(ASSIGNMENT) From the entries below, reproduce exactly the line containing "M^T = M -> M k l = M l k.", the line containing "Proof. by rewrite -Dhalf_Dhalf", and every line in between, with nothing added.

Stored data entries:
(* Let $G$ be a connected graph with adjacency matrix $A$, $d=A\mathbf 1$, $D=\mathrm{diag}(d)$, $P=D^{-1}A$, let $e=(i,j)$, $i\ne j$, $a_{ij}>0$, be an edge that is not a cut-edge, $v=e_i-e_j$, $\widehat A=A+a_{ij}vv^T$, $\widehat P=D^{-1}\widehat A$ and $c(e)=K(\widehat P)-K(P)$. Define \[ W^{-1}=I-D^{-1/2}AD^{-1/2}+\frac{1}{\|d\|_1}D^{1/2}\mathbf 1\mathbf 1^TD^{1/2},\qquad \widehat W^{-1}=W^{-1}-a_{ij}D^{-1/2}vv^TD^{-1/2} \] (both matrices are invertible). Then \[ c(e)=a_{ij}\,v^TD^{-1/2}W\widehat WD^{-1/2}v, \] and moreover $1-a_{ij}v^TD^{-1/2}WD^{-1/2}v\ne 0$ and $\widehat W=W-\tau a_{ij}WD^{-1/2}vv^TD^{-1/2}W$ with $\tau=-1/(1-a_{ij}v^TD^{-1/2}WD^{-1/2}v)$.
   Context: Graphs are undirected and possibly weighted on vertex set $\{1,\dots,n\}$, with symmetric nonnegative adjacency matrix $A=(a_{k\ell})$; $d=A\mathbf 1$ (all entries assumed positive); $\|d\|_1=\sum_k d_k$; $D^{\pm1/2}=\mathrm{diag}(d_k^{\pm1/2})$; $e_k$ is the $k$-th column of the identity and $\mathbf 1$ the all-ones vector. For an irreducible row-stochastic matrix $Q$ with stationary vector $\pi$, the Kemeny constant is $K(Q)=\sum_j\pi_j m_{kj}$, where $m_{kj}$ is the expected first passage time from $k$ to $j$ ($m_{kk}=0$), independent of $k$; equivalently $K(Q)=\sum_{\ell=2}^n 1/(1-\lambda_\ell)$, where $1=\lambda_1,\lambda_2,\dots,\lambda_n$ are the eigenvalues of $Q$. The edge $e$ is a cut-edge if the graph obtained by deleting $e$ is disconnected. *)

(* Scalars: an arbitrary real closed field R (e.g. the reals);
   eigenvalues are taken in its algebraic closure R[i]. *)
From HB Require Import structures.
From mathcomp Require Import all_boot all_order all_algebra.
From mathcomp Require Import complex.
Set Implicit Arguments. Unset Strict Implicit. Unset Printing Implicit Defensive.
Import Order.TTheory GRing.Theory Num.Theory.
Local Open Scope ring_scope.

Section Defs.
Variable R : rcfType.
Variable n : nat.

Definition cmx (Q : 'M[R]_n) : 'M[R[i]]_n := map_mx (fun x => Complex x 0) Q.

(* the eigenvalues of Q, listed with algebraic multiplicity
   (roots of the characteristic polynomial in R[i]) *)
Definition eigenvalues (Q : 'M[R]_n) : seq R[i] :=
  sval (closed_field_poly_normal (char_poly (cmx Q))).

(* Kemeny constant: K(Q) = sum_{l >= 2} 1/(1 - lambda_l), where lambda_1 = 1
   is removed (one copy) from the list of eigenvalues. *)
Definition Kemeny (Q : 'M[R]_n) : R[i] :=
  \sum_(z <- rem 1 (eigenvalues Q)) (1 - z)^-1.

Definition ones : 'cV[R]_n := const_mx 1.
Definition degv (A : 'M[R]_n) : 'cV[R]_n := A *m ones.
Definition Dmat (A : 'M[R]_n) : 'M[R]_n := diag_mx (\row_k degv A k 0).
Definition Dinv (A : 'M[R]_n) : 'M[R]_n := diag_mx (\row_k (degv A k 0)^-1).
Definition Dhalf (A : 'M[R]_n) : 'M[R]_n := diag_mx (\row_k Num.sqrt (degv A k 0)).
Definition Dmhalf (A : 'M[R]_n) : 'M[R]_n :=
  diag_mx (\row_k (Num.sqrt (degv A k 0))^-1).
Definition dnorm1 (A : 'M[R]_n) : R := \sum_k degv A k 0.

Definition adjrel (A : 'M[R]_n) : rel 'I_n := fun k l => 0 < A k l.
Definition connected_graph (A : 'M[R]_n) : Prop :=
  forall k l : 'I_n, connect (adjrel A) k l.

Definition del_edge_rel (A : 'M[R]_n) (i j : 'I_n) : rel 'I_n :=
  fun k l => (0 < A k l) && ~~ (((k == i) && (l == j)) || ((k == j) && (l == i))).
Definition cut_edge (A : 'M[R]_n) (i j : 'I_n) : Prop :=
  ~ (forall k l : 'I_n, connect (del_edge_rel A i j) k l).

Definition evec (i j : 'I_n) : 'cV[R]_n :=
  \col_k ((k == i)%:R - (k == j)%:R).

Definition Winv (A : 'M[R]_n) : 'M[R]_n :=
  1%:M - Dmhalf A *m A *m Dmhalf A
  + (dnorm1 A)^-1 *: (Dhalf A *m ones *m ones^T *m Dhalf A).
Definition What_inv (A : 'M[R]_n) (i j : 'I_n) : 'M[R]_n :=
  Winv A - A i j *: (Dmhalf A *m evec i j *m (evec i j)^T *m Dmhalf A).

End Defs.

Arguments evec {R n} i j.
Arguments ones {R n}.

From HB Require Import structures.
From mathcomp Require Import all_boot all_order all_algebra.
From mathcomp Require Import complex sesquilinear spectral.
From mathcomp Require Import ring.
Set Implicit Arguments. Unset Strict Implicit. Unset Printing Implicit Defensive.
Import Order.TTheory GRing.Theory Num.Theory.
Local Open Scope ring_scope.

(* Write S := D^-1/2 A D^-1/2 and y := D^1/2 1, so that S y = y, y^T y = ||d||_1
   and W^-1 = I - M with M := S - y y^T / ||d||_1 symmetric.  Since P is similar to
   S and M is the Brauer deflation of S along y, the spectrum of M is that of P with
   the eigenvalue 1 replaced by 0; diagonalizing M gives tr W = 1 + K(P).
   W^-1 is invertible: if r W^-1 = 0 then r y = 0 and r S = r, so r D^-1/2 is
   harmonic, hence constant on the connected graph, and r is a multiple of y^T.
   Adding a_ij v v^T trades the edge e for loops at i and j, which keeps the
   degrees, and the graph stays connected because e is not a cut-edge; so
   \hat W^-1 is the matrix W^-1 of \hat A and K(\hat P) = tr \hat W - 1.  Finally
   \hat W^-1 is a rank-one update of W^-1, and both the formula for \hat W and
   tr \hat W - tr W are instances of Sherman-Morrison. *)

Lemma trmx_sym_entry (T : Type) (m : nat) (M : 'M[T]_m) k l :
  M^T = M -> M k l = M l k.
Proof. by move/matrixP/(_ l k); rewrite mxE. Qed.

Section DegreeScaling.
Variables (R : rcfType) (n : nat) (B : 'M[R]_n).

Definition sqrtdeg : 'cV[R]_n := \col_k Num.sqrt (degv B k 0).

Definition normadj : 'M[R]_n := Dmhalf B *m B *m Dmhalf B.

Lemma Dhalf_ones : Dhalf B *m ones = sqrtdeg.
Proof. by apply/colP => k; rewrite mul_diag_mx !mxE mulr1. Qed.

Lemma WinvE :
  Winv B = 1%:M - normadj + (dnorm1 B)^-1 *: (sqrtdeg *m sqrtdeg^T).
Proof. by rewrite /Winv -Dhalf_ones trmx_mul tr_diag_mx !mulmxA. Qed.

Lemma normadj_sym : B^T = B -> normadj^T = normadj.
Proof. by move=> B_sym; rewrite !trmx_mul tr_diag_mx B_sym mulmxA. Qed.

Hypothesis degv_gt0 : forall k, 0 < degv B k 0.

Lemma sqrt_degv_neq0 k : Num.sqrt (degv B k 0) != 0.
Proof. by rewrite sqrtr_eq0 -ltNge. Qed.

(* In these proofs, generalizing [degv B] keeps [mxE] from unfolding it. *)
Lemma Dmhalf_Dhalf : Dmhalf B *m Dhalf B = 1%:M.
Proof.
rewrite mulmx_diag -diag_const_mx; congr diag_mx; apply/rowP => k.
by move: (sqrt_degv_neq0 k); move: (degv B) => d ?; rewrite !mxE mulVf.
Qed.

Lemma Dhalf_Dmhalf : Dhalf B *m Dmhalf B = 1%:M.
Proof.
rewrite mulmx_diag -diag_const_mx; congr diag_mx; apply/rowP => k.
by move: (sqrt_degv_neq0 k); move: (degv B) => d ?; rewrite !mxE mulfV.
Qed.

Lemma Dmhalf_Dmhalf : Dmhalf B *m Dmhalf B = Dinv B.
Proof.
rewrite mulmx_diag; congr diag_mx; apply/rowP => k.
move: (degv_gt0 k); move: (degv B) => d d_gt0.
by rewrite !mxE -invfM -expr2 sqr_sqrtr // ltW.
Qed.

Lemma Dhalf_Dhalf : Dhalf B *m Dhalf B = Dmat B.
Proof.
rewrite mulmx_diag; congr diag_mx; apply/rowP => k.
move: (degv_gt0 k); move: (degv B) => d d_gt0.
by rewrite !mxE -expr2 sqr_sqrtr // ltW.
Qed.

Lemma Dmhalf_Dmat : Dmhalf B *m Dmat B = Dhalf B.
Proof. by rewrite -Dhalf_Dhalf mulmxA Dmhalf_Dhalf mul1mx. Qed.

Lemma Dmhalf_degv : Dmhalf B *m degv B = sqrtdeg.
Proof.
apply/colP => k; rewrite /sqrtdeg mul_diag_mx.
move: (degv_gt0 k) (sqrt_degv_neq0 k); move: (degv B) => d d_gt0 sqrt_neq0.
by rewrite !mxE -{2}(sqr_sqrtr (ltW d_gt0)) expr2 mulrA mulVf ?mul1r.
Qed.

Lemma tr_sqrtdeg_sqrtdeg : sqrtdeg^T *m sqrtdeg = (dnorm1 B)%:M.
Proof.
rewrite [LHS]mx11_scalar /dnorm1 /sqrtdeg; congr (_ %:M).
move: degv_gt0; move: (degv B) => d d_gt0; rewrite !mxE.
by apply: eq_bigr => k _; rewrite !mxE -expr2 sqr_sqrtr // ltW.
Qed.

Lemma dnorm1_gt0 (k0 : 'I_n) : 0 < dnorm1 B.
Proof.
rewrite /dnorm1 (bigD1 k0) //=; apply: ltr_wpDr; last exact: degv_gt0.
by apply: sumr_ge0 => k _; apply: ltW.
Qed.

Lemma normadj_sqrtdeg : normadj *m sqrtdeg = sqrtdeg.
Proof.
rewrite /normadj -Dhalf_ones -!mulmxA (mulmxA (Dmhalf B) (Dhalf B)).
by rewrite Dmhalf_Dhalf mul1mx -[B *m ones]/(degv B) Dmhalf_degv Dhalf_ones.
Qed.

Lemma Dinv_mul_similar : Dinv B *m B = Dmhalf B *m normadj *m Dhalf B.
Proof.
by rewrite /normadj !mulmxA Dmhalf_Dmhalf -!mulmxA Dmhalf_Dhalf mulmx1.
Qed.

Lemma Winv_sqrtdeg (k0 : 'I_n) : Winv B *m sqrtdeg = sqrtdeg.
Proof.
rewrite WinvE mulmxDl mulmxBl mul1mx normadj_sqrtdeg subrr add0r.
rewrite -scalemxAl -mulmxA tr_sqrtdeg_sqrtdeg mul_mx_scalar scalerA.
by rewrite mulVf ?scale1r // gt_eqF ?(dnorm1_gt0 k0).
Qed.

End DegreeScaling.

Section ConnectedGraph.
Variables (R : rcfType) (n : nat) (B : 'M[R]_n).
Hypotheses (B_sym : B^T = B) (B_ge0 : forall k l, 0 <= B k l).

Lemma harmonic_const_on_edges (z : 'I_n -> R) :
  (forall l, \sum_k B k l * (z l - z k) = 0) ->
  forall k l, 0 < B k l -> z k = z l.
Proof.
move=> harm.
have E1 : \sum_k \sum_l B k l * (z k - z l) * z k = 0.
  apply: big1 => k _; rewrite -mulr_suml.
  rewrite (eq_bigr (fun l => B l k * (z k - z l))) ?harm ?mul0r // => l _.
  by rewrite (trmx_sym_entry k l B_sym).
have E2 : \sum_k \sum_l B k l * (z k - z l) * z l = 0.
  rewrite exchange_big /=; apply: big1 => l _; rewrite -mulr_suml.
  rewrite (eq_bigr (fun k => - (B k l * (z l - z k)))) => [|k _].
    by rewrite sumrN harm oppr0 mul0r.
  by rewrite -mulrN opprB.
have dirichlet : \sum_k \sum_l B k l * (z k - z l) ^+ 2 = 0.
  transitivity (\sum_k \sum_l B k l * (z k - z l) * z k
                - \sum_k \sum_l B k l * (z k - z l) * z l).
    rewrite -sumrB; apply: eq_bigr => k _; rewrite -sumrB.
    by apply: eq_bigr => l _; rewrite -mulrBr expr2 mulrA.
  by rewrite E1 E2 subrr.
have term_ge0 k l : 0 <= B k l * (z k - z l) ^+ 2.
  by apply: mulr_ge0 => //; apply: sqr_ge0.
have rows0 := psumr_eq0P (fun k _ => sumr_ge0 _ (fun l _ => term_ge0 k l)) dirichlet.
move=> k l Bkl_gt0.
have /eqP : B k l * (z k - z l) ^+ 2 = 0.
  exact: (psumr_eq0P (fun l _ => term_ge0 k l) (rows0 k isT)).
by rewrite mulf_eq0 gt_eqF //= sqrf_eq0 subr_eq0 => /eqP.
Qed.

Hypothesis degv_gt0 : forall k, 0 < degv B k 0.
Hypothesis B_connected : connected_graph B.

Lemma connected_const (z : 'I_n -> R) :
  (forall k l, 0 < B k l -> z k = z l) -> forall k l, z k = z l.
Proof.
move=> z_edge k l; have /connectP [p kp ->] := B_connected k l.
by elim: p k kp => [|x p IHp] k //= /andP [/z_edge -> /IHp].
Qed.

Lemma normadj_left_fixed (k0 : 'I_n) (r : 'rV[R]_n) :
  r *m normadj B = r -> exists t, r = t *: (sqrtdeg B)^T.
Proof.
move=> rS; set z := r *m Dmhalf B.
have rE : r = z *m Dhalf B by rewrite /z -mulmxA Dmhalf_Dhalf ?mulmx1.
have zB : z *m B = r *m Dhalf B.
  by rewrite -[in RHS]rS /z /normadj -!mulmxA Dmhalf_Dhalf ?mulmx1.
have zD : z *m Dmat B = r *m Dhalf B by rewrite /z -mulmxA Dmhalf_Dmat.
clearbody z.
have z_harm l : \sum_k B k l * (z 0 l - z 0 k) = 0.
  have e : \sum_k z 0 k * B k l = z 0 l * \sum_k B k l.
    move/rowP/(_ l): (etrans zB (esym zD)); rewrite mul_mx_diag !mxE => ->.
    congr (_ * _); apply: eq_bigr => k _.
    by rewrite mxE mulr1 (trmx_sym_entry l k B_sym).
  rewrite (eq_bigr (fun k => z 0 l * B k l - z 0 k * B k l)) => [|k _].
    by rewrite sumrB -mulr_sumr e subrr.
  by rewrite mulrBr ![B k l * _]mulrC.
exists (z 0 k0); rewrite rE; apply/rowP => k.
rewrite mul_mx_diag !mxE (connected_const (harmonic_const_on_edges z_harm) k k0).
by rewrite mulrC.
Qed.

Lemma Winv_unit (k0 : 'I_n) : Winv B \in unitmx.
Proof.
rewrite unitmxE unitfE; apply/negP => /det0P [r r_neq0 rW].
have ry : r *m sqrtdeg B = 0.
  by rewrite -(Winv_sqrtdeg degv_gt0 k0) mulmxA rW mul0mx.
have /(normadj_left_fixed k0) [t rE] : r *m normadj B = r.
  move/eqP: rW; rewrite WinvE mulmxDr mulmxBr mulmx1 -scalemxAr.
  by rewrite (mulmxA r (sqrtdeg B)) ry mul0mx scaler0 addr0 subr_eq0 => /eqP.
move: ry; rewrite rE -scalemxAl tr_sqrtdeg_sqrtdeg // -scalemx1 scalerA.
move/matrixP/(_ 0 0); rewrite !mxE mulr1 => /eqP.
rewrite mulf_eq0 (gt_eqF (dnorm1_gt0 degv_gt0 k0)) orbF => /eqP t0.
by move: r_neq0; rewrite rE t0 scale0r eqxx.
Qed.

End ConnectedGraph.
Definition prim_below x : freeB (Prim M) prim_le :=
  exist _ (fun p => ble (proj1_sig p) x) (prim_below_generated x).

Lemma prim_below_hom : is_hom prim_below.
Proof.
  split.
  - intros x y. apply fgl_ext. intros [p Hp]. simpl. split.
    + apply join_prime_join, unique_decomp_join_prime, Hp.
    + intros [Hpx | Hpy].
      * exact (ble_trans _ _ _ Hpx (ble_joinl x y)).
      * exact (ble_trans _ _ _ Hpy (ble_joinr x y)).
  - apply fgl_ext. intros [p Hp]. simpl. split; [|intros []].
    intros Hpbot. rewrite (ble_bot_eq p Hpbot) in Hp. exact (bot_not_primitive Hp).
Qed.

Hypothesis PLF : prim_lower_finite M.

Lemma prim_le_lower_finite : lower_finite (Prim M) prim_le.
Proof. apply sub_lower_finite, PLF. Qed.

Definition prim_sum : freeB (Prim M) prim_le -> M :=
  free_ext prim_le_lower_finite (@proj1_sig _ _).

Lemma prim_sum_below x : prim_sum (prim_below x) = x.
Proof.
  apply ble_antisym.
  - apply bigjoin_lub. intros y Hy. apply in_map_iff in Hy as (p & <- & Hp).
    apply in_fgl_enum in Hp. exact Hp.
  - destruct (proj1 (U x)) as (G & PG & _ & EG). rewrite EG at 1. apply bigjoin_lub.
    intros g Hg. apply bigjoin_ub, in_map_iff. exists (exist _ g (PG g Hg)).
    split; [reflexivity|]. apply in_fgl_enum. simpl. rewrite EG. apply bigjoin_ub, Hg.
Qed.

Lemma prim_below_sum A : prim_below (prim_sum A) = A.
Proof.
  apply fgl_ext. intros p. simpl. unfold prim_sum, free_ext. split.
  - intros Hp. destruct (unique_decomp_join_prime _ (proj2_sig p) _ Hp) as (y & Hy & Hpy).
    apply in_map_iff in Hy as (q & <- & Hq). apply in_fgl_enum in Hq.
    exact (fgl_down_closed A p q (sub_poset ble primitive ble_is_poset) Hpy Hq).
  - intros Hp. apply bigjoin_ub, in_map, in_fgl_enum, Hp.
Qed.
(* Let $V$ be a real vector space, $R:V\to\mathbb{R}\cup\{+\infty\}$ and $f:\mathbb{R}^m\to\mathbb{R}\cup\{+\infty\}$ convex, $\Phi:V\to\mathbb{R}^m$ linear, and let $p$ be a minimizer of $R+f\circ\Phi$ with finite minimal value $M=R(p)+f(\Phi p)$. Let $\mathrm{epi}(R)=\{(u,r)\in V\times\mathbb{R}: R(u)\le r\}$ and $\mathrm{hypo}(M-f\circ\Phi)=\{(u,r)\in V\times\mathbb{R}: M-f(\Phi u)\ge r\}$; the point $(p,R(p))$ lies in both. Let $\vec E$ and $\vec H$ be the linear subspaces of $V\times\mathbb{R}$ parallel to the affine hulls of $F((p,R(p)),\mathrm{epi}(R))$ and $F((p,R(p)),\mathrm{hypo}(M-f\circ\Phi))$ respectively. Then $\mathrm{codim}_{V\times\mathbb{R}}(\vec E+\vec H)\ge 1$. If moreover both faces $F((p,R(p)),\mathrm{epi}(R))$ and $F((p,R(p)),\mathrm{hypo}(M-f\circ\Phi))$ are horizontal and ($R(p)>\inf_V R$ or $f(\Phi p)>\inf_V f\circ\Phi$), then $\mathrm{codim}_{V\times\mathbb{R}}(\vec E+\vec H)\ge 2$.
   Context: For a convex set $C$, a face is a convex subset $F\subseteq C$ such that every open segment $]x,y[=\{tx+(1-t)y:0<t<1\}$ ($x\neq y$) contained in $C$ which intersects $F$ is contained in $F$; $F(x,C)$ denotes the intersection of all faces of $C$ containing $x$. For a convex set $C\subseteq V\times\mathbb{R}$ and $(x,r)\in C$, the face $F((x,r),C)$ is horizontal if its affine hull is contained in $V\times\{r\}$, and oblique otherwise. *)

(* The base field is an arbitrary real field R (realFieldType);
   this contains the case of the real numbers. *)
From HB Require Import structures.
From mathcomp Require Import all_boot all_order all_algebra.
Set Implicit Arguments. Unset Strict Implicit. Unset Printing Implicit Defensive.
Import Order.TTheory GRing.Theory Num.Theory.
Local Open Scope ring_scope.

Section Defs.
Variable R : realFieldType.

(* Extended values R ∪ {+oo}: [Some r] is the finite value r, [None] is +oo. *)
Definition ele (x y : option R) : bool :=
  match x, y with
  | _, None => true
  | None, Some _ => false
  | Some a, Some b => a <= b
  end.

Definition convex_fun (W : lmodType R) (g : W -> option R) : Prop :=
  forall (x y : W) (t rx ry : R), 0 <= t -> t <= 1 ->
    g x = Some rx -> g y = Some ry ->
    ele (g (t *: x + (1 - t) *: y)) (Some (t * rx + (1 - t) * ry)).

Variable W : lmodType R.

Definition convex_set (C : W -> Prop) : Prop :=
  forall (x y : W) (t : R), C x -> C y -> 0 <= t -> t <= 1 ->
    C (t *: x + (1 - t) *: y).

Definition segpt (x y : W) (t : R) : W := t *: x + (1 - t) *: y.

Definition is_face (C F : W -> Prop) : Prop :=
  (forall z, F z -> C z) /\ convex_set F /\
  forall x y : W, x <> y ->
    (forall t : R, 0 < t -> t < 1 -> C (segpt x y t)) ->
    (exists t : R, [/\ 0 < t, t < 1 & F (segpt x y t)]) ->
    (forall t : R, 0 < t -> t < 1 -> F (segpt x y t)).

Definition minface (x : W) (C : W -> Prop) : W -> Prop :=
  fun z => forall F, is_face C F -> F x -> F z.

Definition aff_hull (S : W -> Prop) : W -> Prop :=
  fun z => exists (n : nat) (s : 'I_n -> W) (l : 'I_n -> R),
    [/\ forall i, S (s i), \sum_i l i = 1 & z = \sum_i l i *: s i].

(* linear subspace parallel to the affine hull of S (S nonempty) *)
Definition dir (S : W -> Prop) : W -> Prop :=
  fun z => exists a b, [/\ aff_hull S a, aff_hull S b & z = a - b].

Definition sum_sub (U1 U2 : W -> Prop) : W -> Prop :=
  fun z => exists u1 u2, [/\ U1 u1, U2 u2 & z = u1 + u2].

(* codim_W U >= k, i.e. dim (W / U) >= k: there are k vectors whose
   classes modulo U are linearly independent. *)
Definition codim_ge (U : W -> Prop) (k : nat) : Prop :=
  exists w : 'I_k -> W,
    forall c : 'I_k -> R, U (\sum_i c i *: w i) -> forall i, c i = 0.

End Defs.

Section Graphs.
Variables (R : realFieldType) (V : lmodType R).

Definition epi (g : V -> option R) : V * R^o -> Prop :=
  fun z => ele (g z.1) (Some z.2).

(* hypo(M - g) = {(u,r) : M - g(u) >= r}  (M - (+oo) = -oo) *)
Definition hypo_sub (M : R) (g : V -> option R) : V * R^o -> Prop :=
  fun z => exists b, g z.1 = Some b /\ z.2 <= M - b.

Definition horizontal (r : R) (F : V * R^o -> Prop) : Prop :=
  forall z, aff_hull F z -> z.2 = r.
End Graphs.

(* A point z of a convex set C lies in the minimal face F(x, C) only if z - x
   is a two-sided direction of C at x, i.e. x +- s (z - x) stays in C for
   small s >= 0: such points form a face of C containing x.  Hence every
   direction d1 of the face of epi(R) and d2 of the face of hypo(M - f o Phi)
   can be followed in both senses from (p, R p).  Since the hypograph lies
   below the epigraph (p minimizes R + f o Phi), following d1 in epi(R) and
   -d2 in the hypograph over a common base point forces the heights of d1 and
   d2 to cancel whenever their V-components do, so (0, 1) is not in the sum.
   If both faces are horizontal and, say, R u < R p, then a combination
   k (u - p, 0) with k > 0 in the sum would give a point where R drops
   strictly below R p by convexity while f o Phi stays at most f (Phi p),
   contradicting minimality; so (u - p, 0) is independent of (0, 1) modulo the
   sum. *)
From mathcomp Require Import all_boot all_order all_algebra.
From mathcomp Require Import ring lra.
Set Implicit Arguments. Unset Strict Implicit. Unset Printing Implicit Defensive.
Import Order.TTheory GRing.Theory Num.Theory.
Local Open Scope ring_scope.

Section TwoSidedDirections.
Variables (R : realFieldType) (W : lmodType R).
Implicit Types (C : W -> Prop) (x y z w d : W).

Lemma segptD x y z (t : R) : segpt (x + y) (x + z) t = x + segpt y z t.
Proof. by rewrite /segpt !scalerDr addrACA -scalerDl [t + _]addrC subrK scale1r. Qed.

Lemma segptE y z (t : R) : segpt y z t = z + t *: (y - z).
Proof. by rewrite /segpt scalerBl scale1r scalerBr addrCA. Qed.

Lemma segpt_shift y z (t s : R) : segpt y z (t + s) = segpt y z t + s *: (y - z).
Proof. by rewrite !segptE -addrA -scalerDl. Qed.

Definition twosided C x d :=
  exists2 e : R, 0 < e & forall s, 0 <= s -> s <= e -> C (x + s *: d) /\ C (x - s *: d).

Lemma twosided_common (C1 C2 : W -> Prop) x1 x2 d1 d2 :
  twosided C1 x1 d1 -> twosided C2 x2 d2 ->
  exists2 e : R, 0 < e & forall s, 0 <= s -> s <= e ->
    (C1 (x1 + s *: d1) /\ C1 (x1 - s *: d1)) /\ (C2 (x2 + s *: d2) /\ C2 (x2 - s *: d2)).
Proof.
case=> [e1 e1_gt0 H1] [e2 e2_gt0 H2]; exists (Num.min e1 e2); first by rewrite lt_min e1_gt0.
by move=> s s_ge0; rewrite le_min => /andP[se1 se2]; split; [exact: H1 | exact: H2].
Qed.

Lemma twosided_sub C C' x d :
  (forall z, C z -> C' z) -> twosided C x d -> twosided C' x d.
Proof. by move=> CC' [e e_gt0 H]; exists e => // s s0 se; case: (H s s0 se) => /CC' ? /CC'. Qed.

Lemma twosidedN C x d : twosided C x d -> twosided C x (- d).
Proof. by case=> e e_gt0 H; exists e => // s s0 se; rewrite scalerN opprK; case: (H s s0 se). Qed.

(ANSWER SPACE)
  M^T = M -> M k l = M l k.
Proof. by move/matrixP/(_ l k); rewrite mxE. Qed.

Section DegreeScaling.
Variables (R : rcfType) (n : nat) (B : 'M[R]_n).

Definition sqrtdeg : 'cV[R]_n := \col_k Num.sqrt (degv B k 0).

Definition normadj : 'M[R]_n := Dmhalf B *m B *m Dmhalf B.

Lemma Dhalf_ones : Dhalf B *m ones = sqrtdeg.
Proof. by apply/colP => k; rewrite mul_diag_mx !mxE mulr1. Qed.

Lemma WinvE :
  Winv B = 1%:M - normadj + (dnorm1 B)^-1 *: (sqrtdeg *m sqrtdeg^T).
Proof. by rewrite /Winv -Dhalf_ones trmx_mul tr_diag_mx !mulmxA. Qed.

Lemma normadj_sym : B^T = B -> normadj^T = normadj.
Proof. by move=> B_sym; rewrite !trmx_mul tr_diag_mx B_sym mulmxA. Qed.

Hypothesis degv_gt0 : forall k, 0 < degv B k 0.

Lemma sqrt_degv_neq0 k : Num.sqrt (degv B k 0) != 0.
Proof. by rewrite sqrtr_eq0 -ltNge. Qed.

(* In these proofs, generalizing [degv B] keeps [mxE] from unfolding it. *)
Lemma Dmhalf_Dhalf : Dmhalf B *m Dhalf B = 1%:M.
Proof.
rewrite mulmx_diag -diag_const_mx; congr diag_mx; apply/rowP => k.
by move: (sqrt_degv_neq0 k); move: (degv B) => d ?; rewrite !mxE mulVf.
Qed.

Lemma Dhalf_Dmhalf : Dhalf B *m Dmhalf B = 1%:M.
Proof.
rewrite mulmx_diag -diag_const_mx; congr diag_mx; apply/rowP => k.
by move: (sqrt_degv_neq0 k); move: (degv B) => d ?; rewrite !mxE mulfV.
Qed.

Lemma Dmhalf_Dmhalf : Dmhalf B *m Dmhalf B = Dinv B.
Proof.
rewrite mulmx_diag; congr diag_mx; apply/rowP => k.
move: (degv_gt0 k); move: (degv B) => d d_gt0.
by rewrite !mxE -invfM -expr2 sqr_sqrtr // ltW.
Qed.

Lemma Dhalf_Dhalf : Dhalf B *m Dhalf B = Dmat B.
Proof.
rewrite mulmx_diag; congr diag_mx; apply/rowP => k.
move: (degv_gt0 k); move: (degv B) => d d_gt0.
by rewrite !mxE -expr2 sqr_sqrtr // ltW.
Qed.

Lemma Dmhalf_Dmat : Dmhalf B *m Dmat B = Dhalf B.
Proof. by rewrite -Dhalf_Dhalf mulmxA Dmhalf_Dhalf mul1mx. Qed.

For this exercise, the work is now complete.